Records supplied below:

(* Let $G$ be a group with identity $e$, $A$ a set containing two distinct elements $0$ and $1$, $S \subseteq G$ finite with $e \in S$, and $r \in S \setminus \{e\}$. Let $p \in A^S$ be given by $p(r) = 1$ and $p(s) = 0$ for $s \in S \setminus\{r\}$, and let $\tau : A^G \to A^G$ be the lazy cellular automaton with minimal local map $\mu : A^S \to A$, unique active transition $p$ and writing symbol $\mu(p) = 1$. Then for any $n\geq 2$, $\mathrm{ord}(\tau) > n$ if and only if $r^j\notin S$ for all $2\leq j \leq n$.
   Context: $A^G$ is the set of maps $G \to A$ with shift action $(g\cdot x)(h) := x(hg)$. A cellular automaton is a map $\tau : A^G \to A^G$ with a finite $S \subseteq G$ and $\mu : A^S \to A$ such that $\tau(x)(g) = \mu((g\cdot x)|_S)$; the minimal local map is the local defining map on the neighborhood of smallest cardinality. $\tau$ is lazy with unique active transition $p \in A^S$ and writing symbol $\mu(p)$ if $e \in S$ and for all $z \in A^S$: $\mu(z) = z(e)$ iff $z \neq p$. $\tau^k$ is the $k$-fold composition, $\tau^0$ the identity; $\mathrm{ord}(\tau) := |\{\tau^k : k \in \mathbb{N}\}|$, $\mathbb{N}=\{0,1,\dots\}$. *)

From Stdlib Require Import List Arith.
Import ListNotations.

Definition is_group {G : Type} (mul : G -> G -> G) (inv : G -> G) (e : G) : Prop :=
  (forall a b c, mul (mul a b) c = mul a (mul b c)) /\
  (forall a, mul e a = a) /\ (forall a, mul a e = a) /\
  (forall a, mul (inv a) a = e) /\ (forall a, mul a (inv a) = e).

Fixpoint gpow {G : Type} (mul : G -> G -> G) (e r : G) (j : nat) : G :=
  match j with
  | O => e
  | S j' => mul (gpow mul e r j') r
  end.

Definition finite_set {G : Type} (S : G -> Prop) : Prop :=
  exists l : list G, forall s, S s -> In s l.

Definition shift {G A : Type} (mul : G -> G -> G) (g : G) (x : G -> A) : G -> A :=
  fun h => x (mul h g).

Definition restr {G A : Type} (S : G -> Prop) (x : G -> A) : {s : G | S s} -> A :=
  fun s => x (proj1_sig s).

Definition ca {G A : Type} (mul : G -> G -> G) (S : G -> Prop)
  (mu : ({s : G | S s} -> A) -> A) : (G -> A) -> (G -> A) :=
  fun x g => mu (restr S (shift mul g x)).

Definition is_lazy {G A : Type} (S : G -> Prop) (e : G) (He : S e)
  (mu : ({s : G | S s} -> A) -> A) (p : {s : G | S s} -> A) : Prop :=
  forall z, mu z = z (exist _ e He) <-> z <> p.

Fixpoint iter_map {X : Type} (k : nat) (tau : X -> X) : X -> X :=
  match k with
  | O => fun x => x
  | S k' => fun x => tau (iter_map k' tau x)
  end.

(* ord(tau) > n, i.e. |{tau^k : k in N}| > n (the set may be infinite):
   the set contains at least n+1 pairwise distinct elements *)
Definition ord_gt {X : Type} (tau : X -> X) (n : nat) : Prop :=
  exists l : list (X -> X),
    length l = S n /\ NoDup l /\ forall f, In f l -> exists k, f = iter_map k tau.

(* The automaton only ever turns a 0 into a 1, at a cell g whose neighbour r g
   is a 1 while its other neighbours s g (s in S, including g itself) are 0s.
   So if g changes at time k + 1, then r g changed at time k (otherwise g was
   already active at time k), and by induction r^i g changed at time k + 1 - i.

   If r^j lies in S for some 2 <= j <= n, a change of g at time j - 1 gives a
   change of r^(j-1) g at time 0, making r^j g a 1 from time 1 on, whereas g
   active at time j - 1 needs r^j g to be a 0 (when r^j = r, instead
   r^(j-1) = e and g itself changed at time 0).  Hence tau^j = tau^(j-1) and
   the orbit has at most j <= n elements.

   Otherwise, starting from the indicator of e, the 1s after k <= n steps are
   exactly the cells r^-i with i <= k: the new cell r^-(k+1) is active because
   a neighbour s r^-(k+1) with s <> r is a 1 only if s = r^d for some
   1 <= d <= k + 1, which S excludes.  So tau^0, ..., tau^n are distinct. *)
From Stdlib Require Import List Arith Lia.
From Stdlib Require Import Classical FunctionalExtensionality ClassicalEpsilon.

Section Group.

Context {G : Type} {mul : G -> G -> G} {inv : G -> G} {e : G}.
Hypothesis HG : is_group mul inv e.

Lemma mul_cancel_l a b c : mul a b = mul a c -> b = c.
Proof.
  destruct HG as (Hass & Hel & _ & Hinvl & _). intro H.
  rewrite <- (Hel b), <- (Hel c), <- (Hinvl a), !Hass, H. reflexivity.
Qed.

Lemma mul_cancel_r a b c : mul b a = mul c a -> b = c.
Proof.
  destruct HG as (Hass & _ & Her & _ & Hinvr). intro H.
  rewrite <- (Her b), <- (Her c), <- (Hinvr a), <- !Hass, H. reflexivity.
Qed.

Lemma gpow_add r i j : gpow mul e r (i + j) = mul (gpow mul e r i) (gpow mul e r j).
Proof.
  destruct HG as (Hass & _ & Her & _ & _).
  induction j as [|j IHj]; simpl.
  - rewrite Nat.add_0_r, Her. reflexivity.
  - rewrite Nat.add_succ_r. simpl. rewrite IHj, Hass. reflexivity.
Qed.

Lemma gpow_succ_l r i : mul r (gpow mul e r i) = gpow mul e r (S i).
Proof.
  destruct HG as (_ & Hel & _ & _ & _).
  rewrite <- Nat.add_1_l, gpow_add. simpl. rewrite Hel. reflexivity.
Qed.

Lemma gpow_sub r i k a :
  i <= k -> mul (gpow mul e r i) a = gpow mul e r k -> a = gpow mul e r (k - i).
Proof.
  intros Hik H. apply (mul_cancel_l (gpow mul e r i)).
  rewrite <- gpow_add, Nat.add_comm, Nat.sub_add by exact Hik. exact H.
Qed.

End Group.

Section Orbit.

Context {X : Type} (tau : X -> X).

Lemma iter_map_stationary m k :
  iter_map (S m) tau = iter_map m tau -> m <= k -> iter_map k tau = iter_map m tau.
Proof.
  intros Hm Hk. replace k with ((k - m) + m) by lia.
  induction (k - m) as [|d IHd]; [reflexivity|].
  cbn [Nat.add iter_map]. rewrite IHd. exact Hm.
Qed.

Lemma ord_gt_stationary m n :
  iter_map (S m) tau = iter_map m tau -> ord_gt tau n -> n <= m.
Proof.
  intros Hm (l & Hlen & Hnd & Hl).
  assert (Hincl : incl l (map (fun k => iter_map k tau) (seq 0 (S m)))).
  { intros f Hf. destruct (Hl f Hf) as [k ->]. apply in_map_iff.
    destruct (le_lt_dec m k) as [Hk|Hk].
    - exists m. split; [symmetry; exact (iter_map_stationary m k Hm Hk)|].
      apply in_seq. lia.
    - exists k. split; [reflexivity|]. apply in_seq. lia. }
  pose proof (NoDup_incl_length Hnd Hincl) as Hle.
  rewrite length_map, length_seq in Hle. lia.
Qed.

Lemma ord_gt_of_distinct n :
  (forall k k', k < k' <= n -> iter_map k tau <> iter_map k' tau) -> ord_gt tau n.
Proof.
  intro Hdist. exists (map (fun k => iter_map k tau) (seq 0 (S n))).
  split; [rewrite length_map, length_seq; reflexivity|]. split.
  - apply NoDup_map_NoDup_ForallPairs; [|apply seq_NoDup].
    intros k k' Hk Hk' Heq. apply in_seq in Hk, Hk'.
    destruct (lt_eq_lt_dec k k') as [[Hlt|Heq']|Hlt]; [|exact Heq'|].
    + exfalso. apply (Hdist k k'); [lia|exact Heq].
    + exfalso. apply (Hdist k' k); [lia|symmetry; exact Heq].
  - intros f Hf. apply in_map_iff in Hf. destruct Hf as (k & <- & _). exists k. reflexivity.
Qed.

End Orbit.

Section LazyAutomaton.

Context {G : Type} {mul : G -> G -> G} {inv : G -> G} {e : G}.
Hypothesis HG : is_group mul inv e.
Context {A : Type} {a0 a1 : A}.
Hypothesis Ha01 : a0 <> a1.
Context {nbhd : G -> Prop} (He : nbhd e) {r : G} (Hr : nbhd r).
Hypothesis Hre : r <> e.
Context {p : {s : G | nbhd s} -> A}.
Hypothesis Hp : forall s : {s : G | nbhd s},
  (proj1_sig s = r -> p s = a1) /\ (proj1_sig s <> r -> p s = a0).
Context {mu : ({s : G | nbhd s} -> A) -> A}.
Hypothesis Hlazy : is_lazy nbhd e He mu p.
Hypothesis Hmup : mu p = a1.

Local Notation tau := (ca mul nbhd mu).
Local Notation gpow := (gpow mul e r).

Definition active (y : G -> A) (g : G) : Prop := restr nbhd (shift mul g y) = p.

Lemma active_iff y g :
  active y g <-> y (mul r g) = a1 /\ (forall s, nbhd s -> s <> r -> y (mul s g) = a0).
Proof.
  split.
  - intro H. split.
    + change (restr nbhd (shift mul g y) (exist _ r Hr) = a1).
      rewrite H. apply Hp. reflexivity.
    + intros s Hs Hsr. change (restr nbhd (shift mul g y) (exist _ s Hs) = a0).
      rewrite H. apply Hp. exact Hsr.
  - intros [H1 H0]. apply functional_extensionality. intros [s Hs].
    unfold restr, shift. simpl. destruct (classic (s = r)) as [->|Hsr].
    + rewrite (proj1 (Hp (exist _ r Hs)) eq_refl). exact H1.
    + rewrite (proj2 (Hp (exist _ s Hs)) Hsr). exact (H0 s Hs Hsr).
Qed.

Lemma active_a0 y g : active y g -> y g = a0.
Proof.
  destruct HG as (_ & Hel & _). intro H.
  rewrite <- (Hel g). apply (active_iff y g); [exact H|exact He|].
  intro Her. apply Hre. symmetry. exact Her.
Qed.

Lemma ca_active y g : active y g -> tau y g = a1.
Proof. intro H. unfold ca. fold (active y g). rewrite H. exact Hmup. Qed.

Lemma ca_inactive y g : ~ active y g -> tau y g = y g.
Proof.
  destruct HG as (_ & Hel & _). intro H.
  unfold ca. rewrite (proj2 (Hlazy _) H). unfold restr, shift. simpl.
  rewrite Hel. reflexivity.
Qed.

Lemma ca_a1 y g : y g = a1 -> tau y g = a1.
Proof.
  intro H. destruct (classic (active y g)) as [Ha|Ha].
  - exact (ca_active y g Ha).
  - rewrite ca_inactive by exact Ha. exact H.
Qed.

Lemma ca_a0 y g : tau y g = a0 -> y g = a0.
Proof.
  intro H. destruct (classic (active y g)) as [Ha|Ha].
  - exfalso. apply Ha01. rewrite <- H. exact (ca_active y g Ha).
  - rewrite <- (ca_inactive y g Ha). exact H.
Qed.

Lemma iter_ca_a1 x t t' g :
  t <= t' -> iter_map t tau x g = a1 -> iter_map t' tau x g = a1.
Proof.
  intros Ht H. induction Ht as [|t' _ IH]; [exact H|].
  exact (ca_a1 _ g IH).
Qed.

Definition changes (x : G -> A) (k : nat) (g : G) : Prop :=
  iter_map (S k) tau x g <> iter_map k tau x g.

Lemma changes_active x k g : changes x k g -> active (iter_map k tau x) g.
Proof. intro H. apply NNPP. intro Hna. exact (H (ca_inactive _ g Hna)). Qed.

Lemma changes_succ x k g : changes x (S k) g -> changes x k (mul r g).
Proof.
  intros Hch Hsame. set (y := iter_map k tau x) in *.
  destruct (proj1 (active_iff _ g) (changes_active x (S k) g Hch)) as [H1 H0].
  assert (Hy : active y g).
  { apply active_iff. split.
    - rewrite <- Hsame. exact H1.
    - intros s Hs Hsr. apply ca_a0. exact (H0 s Hs Hsr). }
  apply Ha01. rewrite <- (active_a0 _ g (changes_active x (S k) g Hch)).
  exact (ca_active y g Hy).
Qed.

Lemma changes_gpow x i k g : changes x (i + k) g -> changes x k (mul (gpow i) g).
Proof.
  destruct HG as (Hass & Hel & _).
  revert g. induction i as [|i IHi]; intros g Hch.
  - simpl. rewrite Hel. exact Hch.
  - simpl gpow. rewrite Hass. apply IHi, changes_succ. exact Hch.
Qed.

Lemma ca_stationary_of_gpow m :
  nbhd (gpow (S (S m))) -> iter_map (S (S m)) tau = iter_map (S m) tau.
Proof.
  destruct HG as (Hass & Hel & _). intro Hpow.
  apply functional_extensionality. intro x. apply functional_extensionality. intro g.
  apply NNPP. intro Hch. fold (changes x (S m) g) in Hch.
  pose proof (changes_active x _ g Hch) as Hact.
  assert (Hact0 : active x (mul (gpow (S m)) g)).
  { apply (changes_active x 0), changes_gpow. rewrite Nat.add_0_r. exact Hch. }
  destruct (classic (gpow (S (S m)) = r)) as [Hpr|Hpr].
  - assert (Hpe : gpow (S m) = e).
    { apply (mul_cancel_r HG r). rewrite Hel. exact Hpr. }
    rewrite Hpe, Hel in Hact0.
    apply Ha01. rewrite <- (active_a0 _ g Hact).
    apply (iter_ca_a1 x 1); [lia|]. exact (ca_active x g Hact0).
  - apply Ha01. rewrite <- (proj2 (proj1 (active_iff _ g) Hact) _ Hpow Hpr).
    apply (iter_ca_a1 x 0); [lia|].
    cbn [iter_map]. rewrite <- (gpow_succ_l HG), Hass.
    exact (proj1 (proj1 (active_iff x _) Hact0)).
Qed.

Section NoShortPowers.

Variable n : nat.
Hypothesis Hno_pow : forall j, 2 <= j <= n -> ~ nbhd (gpow j).

Lemma gpow_in_nbhd d : 1 <= d <= n -> nbhd (gpow d) -> gpow d = r.
Proof.
  destruct HG as (_ & Hel & _). intros Hd Hs.
  destruct (Nat.eq_dec d 1) as [->|Hd1].
  - simpl. apply Hel.
  - exfalso. exact (Hno_pow d ltac:(lia) Hs).
Qed.

Definition reached (k : nat) (h : G) : Prop := exists i, i <= k /\ mul (gpow i) h = e.

Definition is_indicator (P : G -> Prop) (y : G -> A) : Prop :=
  (forall h, P h -> y h = a1) /\ (forall h, ~ P h -> y h = a0).

Lemma active_at_reached_succ k y h :
  S k <= n -> is_indicator (reached k) y -> mul (gpow (S k)) h = e -> active y h.
Proof.
  destruct HG as (Hass & _). intros Hk [Hy1 Hy0] Hh. apply active_iff. split.
  - apply Hy1. exists k. split; [lia|]. rewrite <- Hass. exact Hh.
  - intros s Hs Hsr. apply Hy0. intros (i & Hi & Hsh). apply Hsr.
    assert (Hpow : mul (gpow i) s = gpow (S k)).
    { apply (mul_cancel_r HG h). rewrite Hass, Hsh, Hh. reflexivity. }
    apply (gpow_sub HG) in Hpow; [|lia]. subst s.
    apply gpow_in_nbhd; [lia|exact Hs].
Qed.

Lemma inactive_off_reached_succ k y h :
  is_indicator (reached k) y -> ~ reached (S k) h -> ~ active y h.
Proof.
  destruct HG as (Hass & _). intros [_ Hy0] Hh Hact.
  apply Ha01. rewrite <- (proj1 (proj1 (active_iff y h) Hact)). symmetry. apply Hy0.
  intros (i & Hi & Hrh). apply Hh. exists (S i). split; [lia|].
  simpl. rewrite Hass. exact Hrh.
Qed.

Lemma reached_mono k k' h : k <= k' -> reached k h -> reached k' h.
Proof. intros Hk (i & Hi & Hh). exists i. split; [lia|exact Hh]. Qed.

Lemma ca_is_indicator_reached k y :
  S k <= n -> is_indicator (reached k) y -> is_indicator (reached (S k)) (tau y).
Proof.
  intros Hk Hy. split; intros h Hh.
  - destruct (classic (reached k h)) as [Hold|Hnew].
    + apply ca_a1, (proj1 Hy), Hold.
    + apply ca_active, (active_at_reached_succ k); [exact Hk|exact Hy|].
      destruct Hh as (i & Hi & Hih).
      destruct (Nat.eq_dec i (S k)) as [<-|Hne]; [exact Hih|].
      exfalso. apply Hnew. exists i. split; [lia|exact Hih].
  - rewrite ca_inactive by exact (inactive_off_reached_succ k y h Hy Hh).
    apply (proj2 Hy). intro Hold. exact (Hh (reached_mono k (S k) h ltac:(lia) Hold)).
Qed.

Definition delta_e (h : G) : A := if excluded_middle_informative (h = e) then a1 else a0.

Lemma iter_ca_delta_e k : k <= n -> is_indicator (reached k) (iter_map k tau delta_e).
Proof.
  destruct HG as (_ & Hel & _).
  induction k as [|k IHk]; intro Hk.
  - split; intros h Hh; simpl; unfold delta_e;
      destruct (excluded_middle_informative (h = e)) as [Hhe|Hhe]; try reflexivity.
    + exfalso. destruct Hh as (i & Hi & Hih). apply Hhe.
      replace i with 0 in Hih by lia. simpl in Hih. rewrite Hel in Hih. exact Hih.
    + exfalso. apply Hh. exists 0. split; [lia|]. simpl. rewrite Hel. exact Hhe.
  - apply ca_is_indicator_reached; [exact Hk|]. apply IHk. lia.
Qed.

Lemma iter_ca_distinct k k' : k < k' <= n -> iter_map k tau <> iter_map k' tau.
Proof.
  destruct HG as (_ & _ & Her & _ & Hinvr). intros Hkk' Heq.
  set (h := inv (gpow k')).
  assert (Hnot : ~ reached k h).
  { intros (i & Hi & Hih). apply Hre. symmetry.
    assert (Hpow : mul (gpow i) e = gpow k').
    { apply (mul_cancel_r HG h). unfold h. rewrite Hinvr, Her. exact Hih. }
    apply (gpow_sub HG) in Hpow; [|lia].
    rewrite Hpow. apply gpow_in_nbhd; [lia|]. rewrite <- Hpow. exact He. }
  apply Ha01.
  rewrite <- (proj2 (iter_ca_delta_e k ltac:(lia)) h Hnot), Heq.
  apply (proj1 (iter_ca_delta_e k' ltac:(lia))). exists k'. split; [lia|apply Hinvr].
Qed.

End NoShortPowers.

End LazyAutomaton.

Theorem proposition3
  (G : Type) (mul : G -> G -> G) (inv : G -> G) (e : G)
  (HG : is_group mul inv e)
  (A : Type) (a0 a1 : A) (Ha01 : a0 <> a1)
  (S : G -> Prop) (HSfin : finite_set S) (HeS : S e)
  (r : G) (HrS : S r) (Hre : r <> e)
  (p : {s : G | S s} -> A)
  (Hp : forall s : {s : G | S s},
          (proj1_sig s = r -> p s = a1) /\ (proj1_sig s <> r -> p s = a0))
  (mu : ({s : G | S s} -> A) -> A)
  (Hlazy : is_lazy S e HeS mu p) (Hmup : mu p = a1)
  (n : nat) (Hn : 2 <= n) :
  ord_gt (ca mul S mu) n <->
  (forall j : nat, 2 <= j <= n -> ~ S (gpow mul e r j)).
Proof.
  split.
  - intros Hord j Hj Hpow.
    destruct j as [|[|m]]; [lia|lia|].
    pose proof (ca_stationary_of_gpow HG Ha01 HeS HrS Hre Hp Hlazy Hmup m Hpow) as Hstat.
    pose proof (ord_gt_stationary _ _ _ Hstat Hord). lia.
  - intro Hno_pow. apply ord_gt_of_distinct.
    exact (iter_ca_distinct HG Ha01 HeS HrS Hre Hp Hlazy Hmup n Hno_pow).
Qed.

End of Records supplied.

Among the records above, extract exactly the lines from the line with "the set contains" to the line with "- rewrite Nat.add_0_r, Her. reflexivity.", both lines included, and leave out the rest.

▶ [Exercise answer]:
   the set contains at least n+1 pairwise distinct elements *)
Definition ord_gt {X : Type} (tau : X -> X) (n : nat) : Prop :=
  exists l : list (X -> X),
    length l = S n /\ NoDup l /\ forall f, In f l -> exists k, f = iter_map k tau.

(* The automaton only ever turns a 0 into a 1, at a cell g whose neighbour r g
   is a 1 while its other neighbours s g (s in S, including g itself) are 0s.
   So if g changes at time k + 1, then r g changed at time k (otherwise g was
   already active at time k), and by induction r^i g changed at time k + 1 - i.

   If r^j lies in S for some 2 <= j <= n, a change of g at time j - 1 gives a
   change of r^(j-1) g at time 0, making r^j g a 1 from time 1 on, whereas g
   active at time j - 1 needs r^j g to be a 0 (when r^j = r, instead
   r^(j-1) = e and g itself changed at time 0).  Hence tau^j = tau^(j-1) and
   the orbit has at most j <= n elements.

   Otherwise, starting from the indicator of e, the 1s after k <= n steps are
   exactly the cells r^-i with i <= k: the new cell r^-(k+1) is active because
   a neighbour s r^-(k+1) with s <> r is a 1 only if s = r^d for some
   1 <= d <= k + 1, which S excludes.  So tau^0, ..., tau^n are distinct. *)
From Stdlib Require Import List Arith Lia.
From Stdlib Require Import Classical FunctionalExtensionality ClassicalEpsilon.

Section Group.

Context {G : Type} {mul : G -> G -> G} {inv : G -> G} {e : G}.
Hypothesis HG : is_group mul inv e.

Lemma mul_cancel_l a b c : mul a b = mul a c -> b = c.
Proof.
  destruct HG as (Hass & Hel & _ & Hinvl & _). intro H.
  rewrite <- (Hel b), <- (Hel c), <- (Hinvl a), !Hass, H. reflexivity.
Qed.

Lemma mul_cancel_r a b c : mul b a = mul c a -> b = c.
Proof.
  destruct HG as (Hass & _ & Her & _ & Hinvr). intro H.
  rewrite <- (Her b), <- (Her c), <- (Hinvr a), <- !Hass, H. reflexivity.
Qed.

Lemma gpow_add r i j : gpow mul e r (i + j) = mul (gpow mul e r i) (gpow mul e r j).
Proof.
  destruct HG as (Hass & _ & Her & _ & _).
  induction j as [|j IHj]; simpl.
  - rewrite Nat.add_0_r, Her. reflexivity.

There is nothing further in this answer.